DATA EXTRACT -
Lemma dloc_sym (M : nat) (P Q : nat -> R) : dloc M Q P = dloc M P Q.
Proof. unfold dloc. f_equal. apply map_ext. intros; apply Rabs_minus_sym. Qed.

Lemma fold_Rmax_ge (l : list R) (x : R) : In x l -> x <= fold_right Rmax 0 l.
Proof.
  induction l as [|y l IH]; simpl; [tauto|]. intros [<-|H].
  - apply Rmax_l.
  - eapply Rle_trans; [apply IH; auto|apply Rmax_r].
Qed.

Lemma dloc_ge (M : nat) (P Q : nat -> R) (i : nat) :
  (i < M)%nat -> Rabs (P i - Q i) <= dloc M P Q.
Proof.
  intros Hi. apply fold_Rmax_ge, in_map_iff.
  exists i; split; [reflexivity|]. apply in_seq; lia.
Qed.

(* Elementary logarithm inequalities (Stdlib's ln is 0 on nonpositive reals). *)

Lemma ln_le_mono (x y : R) : 0 < x -> x <= y -> ln x <= ln y.
Proof. intros Hx [H|<-]; [left; apply ln_increasing; auto|lra]. Qed.

Lemma ln_le_sub1 (u : R) : 0 < u -> ln u <= u - 1.
Proof. intros Hu. pose proof (exp_ineq1_le (ln u)). rewrite exp_ln in H; lra. Qed.

Lemma ln_nonpos (x : R) : x <= 1 -> ln x <= 0.
Proof.
  intros H. destruct (Rlt_dec 0 x) as [Hx|Hx].
  - rewrite <- ln_1. apply ln_le_mono; lra.
  - unfold ln. destruct (Rlt_dec 0 x); [contradiction|lra].
Qed.

(* Concavity of ln(1 + t) on [0, 1]: the chord through t = 0 and t = 1.
   Proved by convexity of exp: exp(t ln 2) lies below the chord 1 + t. *)
Lemma ln_1plus_ge_chord (t : R) : 0 <= t <= 1 -> t * ln 2 <= ln (1 + t).
Proof.
  intros Ht. set (z := t * ln 2).
  assert (E1 : 1 + (ln 2 - z) <= exp (ln 2 - z)) by apply exp_ineq1_le.
  assert (E2 : 1 + (0 - z) <= exp (0 - z)) by apply exp_ineq1_le.
  assert (X1 : 2 = exp z * exp (ln 2 - z)).
  { rewrite <- exp_plus, Rplus_minus, exp_ln; lra. }
  assert (X2 : 1 = exp z * exp (0 - z)).
  { rewrite <- exp_plus, Rplus_minus, exp_0; lra. }
  assert (Ez : 0 < exp z) by apply exp_pos.
  (* Weighting the tangent-line inequalities at z by t and 1 - t: *)
  assert (A1 : 0 <= t * (exp z * (exp (ln 2 - z) - (1 + (ln 2 - z))))).
  { apply Rmult_le_pos; [lra|]. apply Rmult_le_pos; lra. }
  assert (A2 : 0 <= (1 - t) * (exp z * (exp (0 - z) - (1 + (0 - z))))).
  { apply Rmult_le_pos; [lra|]. apply Rmult_le_pos; lra. }
  assert (exp z <= 1 + t) by (unfold z in *; nra).
  rewrite <- (ln_exp z). apply ln_le_mono; auto.
Qed.

Definition indR (x : R) : R := if Rlt_dec 0 x then 1 else 0.

Lemma indR_range (x : R) : 0 <= indR x <= 1.
Proof. unfold indR. destruct (Rlt_dec 0 x); lra. Qed.

Lemma indR_le (x D : R) : 0 <= x -> x <= D -> x <= indR x * D.
Proof. intros. unfold indR. destruct (Rlt_dec 0 x); lra. Qed.

Lemma negxlogx_0 : negxlogx 0 = 0.
Proof. unfold negxlogx; destruct (Rlt_dec 0 0); lra. Qed.

Lemma negxlogx_eq (x : R) : 0 <= x -> negxlogx x = - (x * ln x).
Proof.
  intros [H|<-]; unfold negxlogx; destruct (Rlt_dec 0 _); lra.
Qed.

Lemma negxlogx_subadd (m p : R) :
  0 <= m -> 0 <= p -> negxlogx (m + p) <= negxlogx m + negxlogx p.
Proof.
  intros [Hm|<-] [Hp|<-]; rewrite ?Rplus_0_l, ?Rplus_0_r, ?negxlogx_0; try lra.
  rewrite !negxlogx_eq by lra.
  assert (ln m <= ln (m + p)) by (apply ln_le_mono; lra).
  assert (ln p <= ln (m + p)) by (apply ln_le_mono; lra).
  nra.
Qed.

(* Subadditivity with a gain 2 ln 2 * p when the smaller summand is p:
   ln(m+p) >= ln(2p) and ln(m+p) = ln m + ln(1 + p/m) >= ln m + (p/m) ln 2. *)
Lemma negxlogx_subadd_gain (m p : R) :
  0 <= p -> p <= m -> negxlogx (m + p) <= negxlogx m + negxlogx p - 2 * ln 2 * p.
Proof.
  intros [Hp|<-] Hpm; [|rewrite Rplus_0_r, negxlogx_0; lra].
  rewrite !negxlogx_eq by lra.
  assert (H2p : ln 2 + ln p <= ln (m + p)).
  { rewrite <- ln_mult by lra. apply ln_le_mono; lra. }
  assert (Hr : 0 < p / m <= 1).
  { split; [apply Rdiv_lt_0_compat; lra|].
    apply Rmult_le_reg_r with m; [lra|]. field_simplify; lra. }
  assert (Hsplit : ln (m + p) = ln m + ln (1 + p / m)).
  { rewrite <- ln_mult by lra. f_equal. field. lra. }
  assert (Hchord : m * (p / m * ln 2) <= m * ln (1 + p / m)).
  { apply Rmult_le_compat_l; [lra|]. apply ln_1plus_ge_chord; lra. }
  replace (m * (p / m * ln 2)) with (p * ln 2) in Hchord by (field; lra).
  nra.
Qed.

Lemma negxlogx_gibbs (m q a b : R) :
  0 <= m -> 0 <= q -> m <= a -> q <= b -> a + b <= 1 ->
  negxlogx m + negxlogx q - negxlogx (m + q) <= m * (- ln a) + q * (- ln b).
Proof.
  intros Hm Hq Hma Hqb Hab.
  assert (La : ln a <= 0) by (apply ln_nonpos; lra).
  assert (Lb : ln b <= 0) by (apply ln_nonpos; lra).
  destruct Hm as [Hm|<-]; [|rewrite Rplus_0_l, negxlogx_0; nra].
  destruct Hq as [Hq|<-]; [|rewrite Rplus_0_r, negxlogx_0; nra].
  rewrite !negxlogx_eq by lra.
  assert (Ua : ln (a * (m + q) / m) <= a * (m + q) / m - 1)
    by (apply ln_le_sub1; apply Rdiv_lt_0_compat; nra).
  assert (Ub : ln (b * (m + q) / q) <= b * (m + q) / q - 1)
    by (apply ln_le_sub1; apply Rdiv_lt_0_compat; nra).
  unfold Rdiv in Ua, Ub.
  rewrite !ln_mult, ln_Rinv in Ua, Ub by (try apply Rinv_0_lt_compat; nra).
  apply (Rmult_le_compat_l m) in Ua; [|lra].
  apply (Rmult_le_compat_l q) in Ub; [|lra].
  replace (m * (a * (m + q) * / m - 1)) with (a * (m + q) - m) in Ua by (field; lra).
  replace (q * (b * (m + q) * / q - 1)) with (b * (m + q) - q) in Ub by (field; lra).
  nra.
Qed.

(* Tangent-line bound on eta, charging 1/t for each point of the support:
   from ln(1/(t p)) <= 1/(t p) - 1. *)
Lemma negxlogx_le_support (p t : R) :
  0 <= p -> 0 < t -> negxlogx p <= indR p / t - p + p * ln t.
Proof.
  intros [Hp|<-] Ht; unfold indR.
  - destruct (Rlt_dec 0 p); [|lra]. rewrite negxlogx_eq by lra.
    assert (U : ln (/ (t * p)) <= / (t * p) - 1)
      by (apply ln_le_sub1; apply Rinv_0_lt_compat; nra).
    rewrite ln_Rinv, ln_mult in U by nra.
    apply (Rmult_le_compat_l p) in U; [|lra].
    replace (p * (/ (t * p) - 1)) with (1 / t - p) in U by (field; lra).
    lra.
  - destruct (Rlt_dec 0 0); [lra|]. rewrite negxlogx_0. unfold Rdiv. lra.
Qed.

Lemma negxlogx_ge_bounded (q D : R) :
  0 <= q -> q <= D -> q * (- ln D) <= negxlogx q.
Proof.
  intros [Hq|<-] HqD; [|rewrite negxlogx_0; lra].
  rewrite negxlogx_eq by lra. assert (ln q <= ln D) by (apply ln_le_mono; lra). nra.
Qed.

Lemma pointwise_entropy_gap (m p q a b t D c : R) :
  0 <= m -> 0 <= p -> 0 <= q -> m <= a -> q <= b -> a + b <= 1 ->
  q <= D -> 0 < t ->
  negxlogx (m + p) <= negxlogx m + negxlogx p - c * p ->
  negxlogx (m + p) - negxlogx (m + q)
    <= indR p / t + (ln t - 1 - c) * p + (ln D - ln b) * q - ln a * m.
Proof.
  intros Hm Hp Hq Hma Hqb Hab HqD Ht Hsplit.
  pose proof (negxlogx_gibbs m q a b Hm Hq Hma Hqb Hab).
  pose proof (negxlogx_le_support p t Hp Ht).
  pose proof (negxlogx_ge_bounded q D Hq HqD).
  nra.
Qed.

Definition overlap (P Q : nat -> R) (i : nat) : R := Rmin (P i) (Q i).
Definition excess (P Q : nat -> R) (i : nat) : R := P i - Rmin (P i) (Q i).

Definition excess_support (M : nat) (P Q : nat -> R) : R :=
  sumR M (fun i => indR (excess P Q i)).

Lemma overlap_excess (P Q : nat -> R) (i : nat) : P i = overlap P Q i + excess P Q i.
Proof. unfold overlap, excess. ring. Qed.

Lemma overlap_sym (P Q : nat -> R) (i : nat) : overlap Q P i = overlap P Q i.
Proof. apply Rmin_comm. Qed.

Lemma excess_nonneg (P Q : nat -> R) (i : nat) : 0 <= excess P Q i.
Proof. unfold excess. pose proof (Rmin_l (P i) (Q i)). lra. Qed.
(* Two distinct non-backtracking walks with common endpoints have total length at least
   the girth g, and when the total is at most g, one of them followed by the reverse of the
   other is a closed geodesic.  Hence a closed geodesic of length g is determined by its
   first g/2 + 1 darts (g/2 rounded down), so there are at most n d (d-1)^(g/2) of them; being
   primitive, each has exactly g rotations, whence g kiss(G) <= n d (d-1)^(g/2).  The same fact
   makes the endpoints of the non-backtracking walks of length at most (g-1)/2 issued from a
   vertex (g odd) or from an edge (g even) pairwise distinct: this is the Moore bound
   n >= M(d, g).  When n = M(d, g) every vertex is such an endpoint, so every non-backtracking
   walk of length g/2 + 1 closes up into a closed geodesic of length g and the count is exact.
   Writing n (d-2) + 2 = r c (d-1)^k with (c, k) = (d, (g-1)/2) or (2, g/2), we get r >= 1,
   with equality exactly for Moore graphs, and the logarithm in the bound is k + log_(d-1) r.
   As ln (d-1) >= ln 2 > 2/3 and 1 + ln r <= r, strictly for r > 1, the denominator of the
   bound exceeds its value at r = 1 by a factor at most r, strictly less unless r = 1. *)

From Pilot Require Import Defs.
From Stdlib Require Import Reals Lra.
From mathcomp Require Import all_boot zify.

PROBLEM - Output the listing verbatim through the "intros Ht. set (z := t * ln 2)." line.

TASK OUTPUT -
Lemma dloc_sym (M : nat) (P Q : nat -> R) : dloc M Q P = dloc M P Q.
Proof. unfold dloc. f_equal. apply map_ext. intros; apply Rabs_minus_sym. Qed.

Lemma fold_Rmax_ge (l : list R) (x : R) : In x l -> x <= fold_right Rmax 0 l.
Proof.
  induction l as [|y l IH]; simpl; [tauto|]. intros [<-|H].
  - apply Rmax_l.
  - eapply Rle_trans; [apply IH; auto|apply Rmax_r].
Qed.

Lemma dloc_ge (M : nat) (P Q : nat -> R) (i : nat) :
  (i < M)%nat -> Rabs (P i - Q i) <= dloc M P Q.
Proof.
  intros Hi. apply fold_Rmax_ge, in_map_iff.
  exists i; split; [reflexivity|]. apply in_seq; lia.
Qed.

(* Elementary logarithm inequalities (Stdlib's ln is 0 on nonpositive reals). *)

Lemma ln_le_mono (x y : R) : 0 < x -> x <= y -> ln x <= ln y.
Proof. intros Hx [H|<-]; [left; apply ln_increasing; auto|lra]. Qed.

Lemma ln_le_sub1 (u : R) : 0 < u -> ln u <= u - 1.
Proof. intros Hu. pose proof (exp_ineq1_le (ln u)). rewrite exp_ln in H; lra. Qed.

Lemma ln_nonpos (x : R) : x <= 1 -> ln x <= 0.
Proof.
  intros H. destruct (Rlt_dec 0 x) as [Hx|Hx].
  - rewrite <- ln_1. apply ln_le_mono; lra.
  - unfold ln. destruct (Rlt_dec 0 x); [contradiction|lra].
Qed.

(* Concavity of ln(1 + t) on [0, 1]: the chord through t = 0 and t = 1.
   Proved by convexity of exp: exp(t ln 2) lies below the chord 1 + t. *)
Lemma ln_1plus_ge_chord (t : R) : 0 <= t <= 1 -> t * ln 2 <= ln (1 + t).
Proof.
  intros Ht. set (z := t * ln 2).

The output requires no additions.